A multi-agent prompt system for software development. Specialized agents with explicit output contracts, structured handoffs, and session memory — orchestrated by the user, not by automation.

Status: Pre-release. Tested locally, not yet public.


What this is

A collection of agent prompts, skill specifications, coordination protocols, and session lifecycle hooks that together form a structured development workflow. Each specialist agent has a defined scope, an explicit output contract, a memory policy, and handoff rules.

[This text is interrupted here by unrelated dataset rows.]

(* [y = (z0 * s) v + z1 (- w1, w0)] defines the new coordinates [z], and [(a_ij)] is
   the matrix of [y |-> z]. *)
Lemma quadratic_germ_normal_form :
  tr != 0 ->
  (v0 != 0) || (v1 != 0) -> j11 * v0 + j12 * v1 = 0 -> j21 * v0 + j22 * v1 = 0 ->
  (w0 != 0) || (w1 != 0) -> w0 * j11 + w1 * j21 = 0 -> w0 * j12 + w1 * j22 = 0 ->
  mu != 0 -> v0 * q2v - v1 * q1v = 0 -> v0 * p2 - v1 * p1 = mu ->
  exists a11 a12 a21 a22 c h k n : R,
    a11 * a22 - a12 * a21 != 0 /\ c != 0 /\
    forall y0 y1 : R,
      c * (a11 * f1 y0 y1 + a12 * f2 y0 y1) =
        qform 1 (2 * h) k (a11 * y0 + a12 * y1) (a21 * y0 + a22 * y1) /\
      c * (a21 * f1 y0 y1 + a22 * f2 y0 y1) =
        (a21 * y0 + a22 * y1) + qform 0 1 n (a11 * y0 + a12 * y1) (a21 * y0 + a22 * y1).
Proof.
move=> tr_neq0 v_neq0 Jv0 Jv1 w_neq0 wJ0 wJ1 mu_neq0 inf_sing inf_det.
have om_neq0 := left_right_kernel_dot_neq0 tr_neq0 v_neq0 Jv0 Jv1 w_neq0 wJ0 wJ1.
have two_neq0 : 2 != 0 :> R by rewrite pnatr_eq0.
have nz := (om_neq0, tr_neq0, mu_neq0, two_neq0).
exists (w0 / (s * om)), (w1 / (s * om)), (- v1 / om), (v0 / om), tr^-1,
  ((w0 * p1 + w1 * p2) / (2 * (tr * om))), ((w0 * q1w + w1 * q2w) / (s * tr * om)),
  ((v0 * q2w - v1 * q1w) / (tr * om)).
split.
  have -> : w0 / (s * om) * (v0 / om) - w1 / (s * om) * (- v1 / om) = (s * om)^-1.
    by field; rewrite ?nz.
  by rewrite invr_neq0 ?mulf_neq0 ?invr_neq0.
split; first by rewrite invr_neq0.
move=> y0 y1.
have [z0 [z1 [-> ->]]] : exists z0 z1, y0 = z0 * s * v0 + z1 * - w1 /\
    y1 = z0 * s * v1 + z1 * w0.
  exists ((w0 * y0 + w1 * y1) / (s * om)), ((v0 * y1 - v1 * y0) / om).
  by split; field; rewrite ?nz.
have -> : w0 / (s * om) * (z0 * s * v0 + z1 * - w1) + w1 / (s * om) * (z0 * s * v1 + z1 * w0)
    = z0 by field; rewrite ?nz.
have -> : - v1 / om * (z0 * s * v0 + z1 * - w1) + v0 / om * (z0 * s * v1 + z1 * w0)
    = z1 by field; rewrite ?nz.
have qE a b c : qform a b c (z0 * s * v0 + z1 * - w1) (z0 * s * v1 + z1 * w0) =
    (z0 * s) ^+ 2 * qform a b c v0 v1 + z0 * s * z1 * qpolar a b c v0 v1 (- w1) w0
    + z1 ^+ 2 * qform a b c (- w1) w0.
  by rewrite qform_combination.
have lin_dot := left_kernel_dot (z0 * s * v0 + z1 * - w1) (z0 * s * v1 + z1 * w0) wJ0 wJ1.
have lin_cross := right_kernel_cross (z0 * s * v0 + z1 * - w1) (z0 * s * v1 + z1 * w0) Jv0 Jv1.
split.
  transitivity (tr^-1 / (s * om) * (0 + (z0 * s) ^+ 2 * mu
     + z0 * s * z1 * (w0 * p1 + w1 * p2) + z1 ^+ 2 * (w0 * q1w + w1 * q2w))).
    by rewrite -lin_dot !qE; ring.
  by rewrite /qform; field; rewrite ?nz.
transitivity (tr^-1 / om * (tr * (om * z1) + (z0 * s) ^+ 2 * (v0 * q2v - v1 * q1v)
   + z0 * s * z1 * (v0 * p2 - v1 * p1) + z1 ^+ 2 * (v0 * q2w - v1 * q1w))).
  have -> : om * z1 = v0 * (z0 * s * v1 + z1 * w0) - v1 * (z0 * s * v0 + z1 * - w1) by ring.
  by rewrite -lin_cross !qE; field; rewrite ?nz.
by rewrite inf_sing inf_det /qform; field; rewrite ?nz.
Qed.

End PlanarGerm.

Section InfiniteSaddleNode.
Variable R : numFieldType.
Variables (a1 b1 c1 a2 b2 c2 v0 v1 w0 w1 : R).
Local Notation q1v := (qform a1 b1 c1 v0 v1).
Local Notation q2v := (qform a2 b2 c2 v0 v1).
Local Notation mu := (w0 * q1v + w1 * q2v).
Local Notation p1 := (qpolar a1 b1 c1 v0 v1 (- w1) w0).
Local Notation p2 := (qpolar a2 b2 c2 v0 v1 (- w1) w0).

Lemma infinite_conditions_U1 : v0 != 0 ->
  let u := v1 / v0 in
  qform a2 b2 c2 1 u - u * qform a1 b1 c1 1 u = 0 ->
  (b2 + 2 * c2 * u - qform a1 b1 c1 1 u - u * (b1 + 2 * c1 * u)) * - qform a1 b1 c1 1 u = 0 ->
  mu != 0 ->
  v0 * q2v - v1 * q1v = 0 /\ v0 * p2 - v1 * p1 = mu.
Proof.
move=> v0_neq0 u sing det mu_neq0.
have dehomog a b c : qform a b c v0 v1 = v0 ^+ 2 * qform a b c 1 u.
  by rewrite /u /qform; field.
have inv_dir : v0 * q2v - v1 * q1v = 0.
  transitivity (v0 ^+ 3 * (qform a2 b2 c2 1 u - u * qform a1 b1 c1 1 u)).
    by rewrite !dehomog /u; field.
  by rewrite sing mulr0.
split=> //.
have q1u_neq0 : qform a1 b1 c1 1 u != 0.
  apply: contra_neq mu_neq0 => q1u0.
  have q1v0 : q1v = 0 by rewrite dehomog q1u0 mulr0.
  have : v0 * q2v = 0 by rewrite -inv_dir q1v0 mulr0 subr0.
  by move/eqP; rewrite mulf_eq0 (negbTE v0_neq0) q1v0 => /eqP->; rewrite !mulr0 addr0.
have D0 : v0 ^+ 2 * (b2 + 2 * c2 * u - qform a1 b1 c1 1 u - u * (b1 + 2 * c1 * u)) = 0.
  by move/eqP: det; rewrite mulf_eq0 oppr_eq0 (negbTE q1u_neq0) orbF => /eqP->; rewrite mulr0.
apply: (mulfI v0_neq0); apply/eqP; rewrite -subr_eq0; apply/eqP.
transitivity ((v0 * w0 + v1 * w1) * (v0 ^+ 2 * (b2 + 2 * c2 * u - qform a1 b1 c1 1 u
  - u * (b1 + 2 * c1 * u))) - 3 * w1 * (v0 * q2v - v1 * q1v)).
  by rewrite /u /qform /qpolar; field.
by rewrite D0 inv_dir; ring.
Qed.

The user is the orchestrator. You activate an agent, give it a task, read its output, and decide what happens next. There is no autonomous runtime, no inter-agent messaging, and no middleware. The system is the prompts and the LLM that interprets them.

Used with LLM-based chat environments that support agent/persona switching. Tested with the Kiro CLI; adaptable to other environments.

Why this exists

Most multi-agent setups are either too loose (a bag of prompts with no contracts) or too rigid (a framework that assumes full automation). This suite sits in between:

  • Specialist agents have explicit output contracts — section names, order, and required fields are defined in the prompt itself, not in external docs the LLM may never see.
  • Every specialist output ends with a standardized self-review — quality score with evidence, error classification, and a suggested next step.
  • Handoffs are user-mediated — the suite doesn't pretend agents can reliably coordinate without human judgment.
  • Session memory is protocol-based — bash hooks handle the infrastructure (project detection, checkpoints, session index), while the agent follows a protocol for summaries and memory writes. The protocol is documented; enforcement is not automated.

Manifesto

Most "multi-agent" setups fall into two traps. Prompt collections with no structure: agents that don't know their boundaries, produce inconsistent output, and can't hand off work reliably. Or fully automated frameworks that pretend agents can orchestrate themselves — until they can't, and you have no way to intervene.

Agentwork rejects both.

Every agent has a contract — not a suggestion, not a "best practice," but a numbered list of sections it must produce every time. Every handoff goes through the user — because the user understands context that no routing algorithm can. Every session has a protocol — not enforced by middleware, but documented, testable, and auditable.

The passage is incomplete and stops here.